D. The Participant wishes to accept the Company’s grant of Performance Units, subject to the terms and conditions of this Award Agreement and the Plan.
Agreement
In consideration of the premises and the mutual covenants herein contained, the Company and the Participant agree as follows:
1. Defined Terms. For purposes of this Agreement, if the first letter of a word (or each word in a term) is capitalized, the term shall have the meaning provided in this Agreement, or if such term is not defined by this Agreement, the meaning specified in the Plan.
(a) “Appendix A” means Appendix A to this Agreement, which is hereby incorporated herein and made a part hereof. Appendix A describes the performance factors and goals with respect to the Performance Units.

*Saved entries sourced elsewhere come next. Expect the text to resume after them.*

(* An option of the buyer is an entry (Some j) or the null entry (None). *)
Definition opt_util (v : 'I_m -> R) (rho : menuT) (o : option 'I_l) : R :=
  if o is Some j then entry_util v (rho j) else 0.
Definition opt_price (rho : menuT) (o : option 'I_l) : R :=
  if o is Some j then (rho j).2 else 0.
Definition best_choice v (rho : menuT) (o : option 'I_l) : bool :=
  [forall o', opt_util v rho o' <= opt_util v rho o].

Lemma bigmax_cases (J : finType) (P : pred J) (F : J -> R) (x0 : R) :
  \big[Num.max/x0]_(j | P j) F j = x0 \/
  exists2 j, P j & \big[Num.max/x0]_(j | P j) F j = F j.
Proof.
apply: (big_rec (fun y => y = x0 \/ exists2 j, P j & y = F j)); first by left.
by move=> j y Pj hy; case: (lerP (F j) y) => _; [|right; exists j].
Qed.

Lemma revenue_ge0 v (rho : menuT) : 0 <= revenue v rho.
Proof. exact: bigmax_ge_id. Qed.

Lemma revenue_le v (H : R) (rho : menuT) : 0 <= H -> menu_ok H rho ->
  revenue v rho <= m%:R * H.
Proof.
move=> H0 ok; apply/bigmax_leP; split => [|j _]; first by rewrite mulr_ge0 ?ler0n.
by have [_ /andP []] := ok j.
Qed.

Lemma revenue_ge v (rho : menuT) o : best_choice v rho o -> opt_price rho o <= revenue v rho.
Proof.
case: o => [j|] /= /forallP best; last exact: revenue_ge0.
rewrite /revenue; have -> : best_util v rho = entry_util v (rho j).
  apply/eqP; rewrite eq_le le_bigmax andbT; apply/bigmax_leP.
  by split => [|i _]; [exact: (best None) | exact: (best (Some i))].
exact: le_bigmax_cond.
Qed.

Lemma revenue_attained v H (rho : menuT) : menu_ok H rho ->
  exists o, best_choice v rho o && (opt_price rho o == revenue v rho).
Proof.
move=> ok.
have bestP j : entry_util v (rho j) = best_util v rho -> best_choice v rho (Some j).
  move=> e; apply/forallP => -[j'|] /=; rewrite e; first exact: le_bigmax.
  exact: bigmax_ge_id.
have [rev0|[j /eqP ej rj]] := bigmax_cases
   (fun j => entry_util v (rho j) == best_util v rho) (fun j => (rho j).2) 0; last first.
  by exists (Some j); rewrite bestP //= /revenue rj eqxx.
rewrite -/(revenue v rho) in rev0.
have [best0|[j _ bj]] := bigmax_cases xpredT (fun j => entry_util v (rho j)) 0.
  exists None; rewrite /= rev0 eqxx andbT; apply/forallP => -[j'|] //=.
  by rewrite -[X in _ <= X]best0; exact: le_bigmax.
exists (Some j); rewrite bestP //= rev0.
have := revenue_ge (bestP j (esym bj)); rewrite rev0 /= => h.
by have [_ /andP [p0 _]] := ok j; rewrite eq_le h p0.
Qed.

(b) “Superior Performance” means the Performance Goal achievement required for the maximum permissible distribution with respect to a Performance Unit, as set out in Appendix A.
(c) “Threshold Performance” means the Threshold Performance Goal achievement required for any distribution to be made with respect to a Performance Unit, as set out in Appendix A.
(d) “Performance Goal” means a financial target on which the distribution with respect to a Performance Unit is based, as set out in Appendix A.
(e) “Performance Period” means the Performance Period specified in Appendix A.
(f) “Performance Unit” means a contingent right awarded pursuant to this Agreement for distribution of a Share upon attainment of the Performance Goals as set forth in Appendix A.
(g) “Section” refers to a Section of this Agreement.
(i) “Share Distribution” means, with respect to a Performance Unit, the total number of Shares to be distributed to the Participant.
(j) “Target Performance” means the Performance Goal achievement required for the targeted distribution with respect to an Performance Unit, as set out in Appendix A. If Target Performance is achieved but not exceeded for all Performance Goals, the Share Distribution with respect to a Performance Unit is one share of the Company’s voting common stock (“Share”).
2. Incorporation of Plan Terms. All provisions of the Plan, including definitions (to the extent that a different definition is not provided in this Agreement), are incorporated herein and expressly made a part of this Agreement by reference. The Participant hereby acknowledges that he or she has received a copy of the Plan.
3. Award of Performance Units. The Committee has awarded the Participant Performance Units, effective as of the Grant Date, subject to the terms and conditions of the Plan and this Agreement.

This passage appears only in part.